I'm in the course of leveraging ClickHouseCluster in my code. Initially it was a bit cumbersome to create one from a configuration strings, and the fact that it is stateful (meaning used for tracking if each node is healty or not) bothered me a bit. But in conclusion, I now think the design is reasonable as a low level API.

In 0.3.2 I removed public modifier of the class as it's buggy and incomplete. I'll rewrite it in 0.3.3 and need to test against multiple nodes(same cluster or not).

As I made a point in my previous comment in this issue, AbstractClient tries very hard to make organized uses of underlying connection with an RW lock, but it seems flawed (?). While a request is about to be sent, the underlying connection might still be closed abruptly by another thread invoking connect to another node. So a client seems designed thread-safe, but in an important case of sharing it around and connecting to different nodes, it actually is not.

Very true. To be honest, I'm still struggling with whether a client should be able to connect to different nodes. In a cluster environment, each time you call client.execute, it may pick a different node for execution, some times for load balancing, some times for fail-over, regardless if you're using the exact same request object.

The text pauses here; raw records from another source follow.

(* The counting bound with P = primeprod 0 M and K = M! gives H_M <= r_0(M). *)
Lemma harmonic_le_phi_ratio M : harmonic M <= phi_ratio (primeprod 0 M).
Proof.
have dvd_fact m : (0 < m <= M)%nat -> (m %| M`!)%nat.
  by case/andP => m_gt0 le_mM; apply: dvdn_fact; rewrite m_gt0.
have dvd_primes p : prime p -> (p <= M)%nat -> (p %| primeprod 0 M)%nat.
  by move=> p_pr le_pM; rewrite dvdn_primeprod // prime_gt0.
have bound := le_INR _ _ (elimT leP (totient_harmonic_bound dvd_fact dvd_primes)).
rewrite !INR_muln INR_sum_div_harmonic // in bound.
have fact_pos : 0 < INR M`! by apply: lt_0_INR; apply/ltP; apply: fact_gt0.
have tot_pos : 0 < INR (totient (primeprod 0 M)).
  by apply: lt_0_INR; apply/ltP; rewrite totient_gt0 primeprod_gt0.
rewrite /phi_ratio; apply: (Rmult_le_reg_r (INR (totient (primeprod 0 M)) * INR M`!)).
  exact: Rmult_lt_0_compat.
by field_simplify; nra.
Qed.

(* Each of the j terms 1/(M+i), i = 1..j, is at least 1/(M+j). *)
Lemma harmonic_shift M j : (0 < M)%nat ->
  harmonic M + INR j / INR (M + j) <= harmonic (M + j).
Proof.
move=> M_gt0; elim: j => [|j IH]; first by rewrite addn0 /Rdiv Rmult_0_l; lra.
rewrite addnS; change (harmonic (M + j).+1) with (harmonic (M + j) + / INR (M + j).+1).
have Mj_pos : 0 < INR (M + j) by apply: lt_0_INR; apply/ltP; rewrite addn_gt0 M_gt0.
have j_ge0 := pos_INR j.
have shrink : INR j / (INR (M + j) + 1) <= INR j / INR (M + j).
  by apply: Rmult_le_compat_l => //; apply: Rinv_le_contravar; lra.
have split_frac : (INR j + 1) / (INR (M + j) + 1) =
                  INR j / (INR (M + j) + 1) + / (INR (M + j) + 1) by field; lra.
rewrite !S_INR; lra.
Qed.

Lemma harmonic_mono M j : harmonic M <= harmonic (M + j).
Proof.
elim: j => [|j IH]; first by rewrite addn0; lra.
rewrite addnS; change (harmonic (M + j).+1) with (harmonic (M + j) + / INR (M + j).+1).
have := Rinv_pos (INR (M + j).+1) (lt_0_INR _ (Nat.lt_0_succ _)); lra.
Qed.

Lemma harmonic_pow2 k : INR k / 2 <= harmonic (expn 2 k).
Proof.
elim: k => [|k IH]; first by rewrite /= /Rdiv Rmult_0_l; lra.
have pow_gt0 : (0 < expn 2 k)%nat by rewrite expn_gt0.
have pow_pos : 0 < INR (expn 2 k) by apply: lt_0_INR; apply/ltP.
have half : INR (expn 2 k) / INR (expn 2 k + expn 2 k) = / 2 by rewrite plus_INR; field; lra.
have := harmonic_shift (expn 2 k) pow_gt0.
by rewrite expnS mul2n -addnn S_INR; lra.
Qed.

(* r_N(M) is unbounded in M, since r_0(N) r_N(M) = r_0(M) >= H_M. *)
Lemma phi_ratio_primeprod_unbounded N B : exists M, B < phi_ratio (primeprod N M).
Proof.
have r0N_pos := phi_ratio_gt0 (primeprod_gt0 0 N).
have [k lt_k] := INR_unbounded (2 * B * phi_ratio (primeprod 0 N)).
exists (expn 2 k + N)%nat.
have := harmonic_mono (expn 2 k) N.
have := phi_ratio_primeprod_split (leq_addl (expn 2 k) N).
have := harmonic_le_phi_ratio (expn 2 k + N).
have := harmonic_pow2 k.
move=> ? ? ? ?; apply: (Rmult_lt_reg_l (phi_ratio (primeprod 0 N))) => //; lra.
Qed.

Lemma first_crossing (u : nat -> R) (x q : R) (K : nat) :
  u 0%nat <= x -> x < u K -> 0 <= q -> (forall k, u k.+1 <= q * u k) ->
  exists k, x < u k <= q * x.
Proof.
move=> u0_le lt_uK q_ge0 growth.
have below_or_found n : u n <= x \/ exists k, x < u k <= q * x.
  elim: n => [|n [le_un | found]]; [by left | | by right].
  have [le_un1 | lt_un1] := Rle_lt_dec (u n.+1) x; first by left.
  right; exists n.+1; split => //.
  by apply: Rle_trans (growth n) _; apply: Rmult_le_compat_l.
by case: (below_or_found K) => // le_uK; lra.
Qed.

Lemma succ_ratio_below (c : R) : 1 < c -> exists N, (0 < N)%nat /\ INR N.+1 / INR N < c.
Proof.
move=> one_lt_c; have [N [small N_gt0]] := archimed_cor1 (c - 1) ltac:(lra).
have N_pos : 0 < INR N by apply: lt_0_INR.
exists N; split; first exact/ltP.
have -> : INR N.+1 / INR N = 1 + / INR N by rewrite S_INR; field; lra.
lra.
Qed.

Theorem proposition4 (x y : R) :
  1 <= x -> x < y ->
  exists n : nat, (0 < n)%nat /\ x < INR (V n) / INR (totient n) < y.
Proof.
move=> one_le_x lt_xy.
have [N [N_gt0 q_small]] : exists N, (0 < N)%nat /\ INR N.+1 / INR N < y / x.
  by apply: succ_ratio_below; apply: (Rmult_lt_reg_r x); [lra | field_simplify; lra].
pose u k := phi_ratio (primeprod N k).
have [M lt_xM] := phi_ratio_primeprod_unbounded N x.
have q_ge0 : 0 <= INR N.+1 / INR N.
  by apply: Rlt_le; apply: Rdiv_pos_pos; apply: lt_0_INR => //; apply/ltP.
have u0_le : u 0%nat <= x by rewrite /u /= phi_ratio1.
have [k [lt_xk le_kq]] := first_crossing u0_le lt_xM q_ge0
  (fun k => phi_ratio_primeprod_step k N_gt0).
exists (primeprod N k); split; first exact: primeprod_gt0.
rewrite V_squarefree; last exact: squarefree_primeprod.
have qx_lt_y : INR N.+1 / INR N * x < y.
  have := Rmult_lt_compat_r x _ _ ltac:(lra) q_small.
  by replace (y / x * x) with y by (field; lra).
change (x < u k < y); lra.
Qed.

I'm not sure if we really need to reuse the same client instance when connecting to a different node. To me, it's more natural to have request objects hold their connection. In that case, it might be a bit weird to call it a request. Maybe better named "connection". But I might be missing some important points here.

The simpler the better. Let me see what I can do in 0.3.3 - maybe support both scenarios?